Between now and the end of February look for:
Standardized analysis results (BAM and index files) made by the latest HCA 10x and SmartSeq-2 pipelines for all projects
DCP-generated count matrices stratified by species, library construction method, and organ for each project
After these standardized analyses are complete, we will begin releasing new projects and analysis on a monthly basis. We are also working towards incorporating controlled-access projects.
Once processing is complete, we will retire DCP 1.0 View.
Coming Soon - DCP 2.0
October 9, 2020
We are excited to announce the launch of the DCP 2.0 this fall. This has been a collaborative effort over the past 6 months to take on board the HCA community feedback and understand the unmet needs in order to align the goals of the DCP with the wider HCA community goals.
We have made significant changes, including GA4GH-compliance, more data—50% more than previously—and, where available, contributor-generated count matrices, embeddings, and cell type annotations.

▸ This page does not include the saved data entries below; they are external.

Theorem lemma7 (n t M cap : nat) (coin : nat -> bool) (Correct : {set 'I_n})
    (exec : nat -> gstate n) (acts : nat -> action n) :
  3 * t + 1 <= n -> 0 < M -> #|~: Correct| <= t ->
  isExecution t M cap coin Correct exec acts ->
  wellInitialized M Correct (exec 0) ->
  completeInvocation Correct acts ->
  forall (k : nat) (i : 'I_n) (v : bool),
    i \in Correct ->
    result t M i (gloc (exec k) i) = OVal v ->
    exists (j : 'I_n) (m : nat), j \in Correct /\ m < k /\ acts m = APropose j v.
Proof.
move=> n_gt3t _ few_faulty exec_steps init _ k i v iC.
have t_lt_n : t < n by apply: leq_trans n_gt3t; rewrite addn1 ltnS leq_pmull.
set P := proposed_before Correct acts k.
have inv k' : k' <= k -> gstate_ok M Correct P (exec k').
  elim: k' => [_ | k' IH ltk]; first exact: gstate_ok_wellInitialized.
  apply: gstate_ok_step (IH (ltnW ltk)) (exec_steps k') _ => // j w act_k' jC.
  by apply/proposed_beforeP; exists j, k'.
rewrite /result; case: pickP => [w /eqP estw [<-] | _]; last by case: ifP.
have [_ okl] := (inv k (leqnn k)).1 i iC.
apply/proposed_beforeP; rewrite -sub1set -estw.
by have [] := okl M.+1 i (leqnn _) iC.
Qed.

Changes Coming to Key Components
To accomplish this, we will be making the following changes and migrations:
The current Data Storage Service (DSS) will be retired and we will migrate to the Terra Data Repo, which supports managed access, for storage and metadata management. Both Ingest and the Data Browser will access the Terra Data Repo via self-service APIs, making for minimal disruption to the HCA scientific community.
The matrix service API will be retired. The per-project matrices that are most commonly used will be available in static form directly from the data browser.
As a higher-level replacement for the DSS API, the Data Browser API is being prepared for use by the wider developer community and will be officially documented and supported by the HCA DCP team.
The HCA-CLI will be retired and the Data Browser will provide a bulk download capability via curl (or similar) commands. Because the internal organization of the data store is subject to change with upcoming work on the metadata, direct calls against it are discouraged in favor of the new Data Browser API.
Transition Path to DCP 2.0
More information about the transition to DCP 2.0 will be announced in the coming weeks and we will endeavor to make this transition as seamless as possible to the HCA research and developer communities.
To enable a smooth transition, the DCP 1 data browser, APIs and data will remain available until January 1, 2021.
We will continue to integrate third-party portals and applications into the HCA ecosystem by linking from and integrating directly into the HCA Data Browser.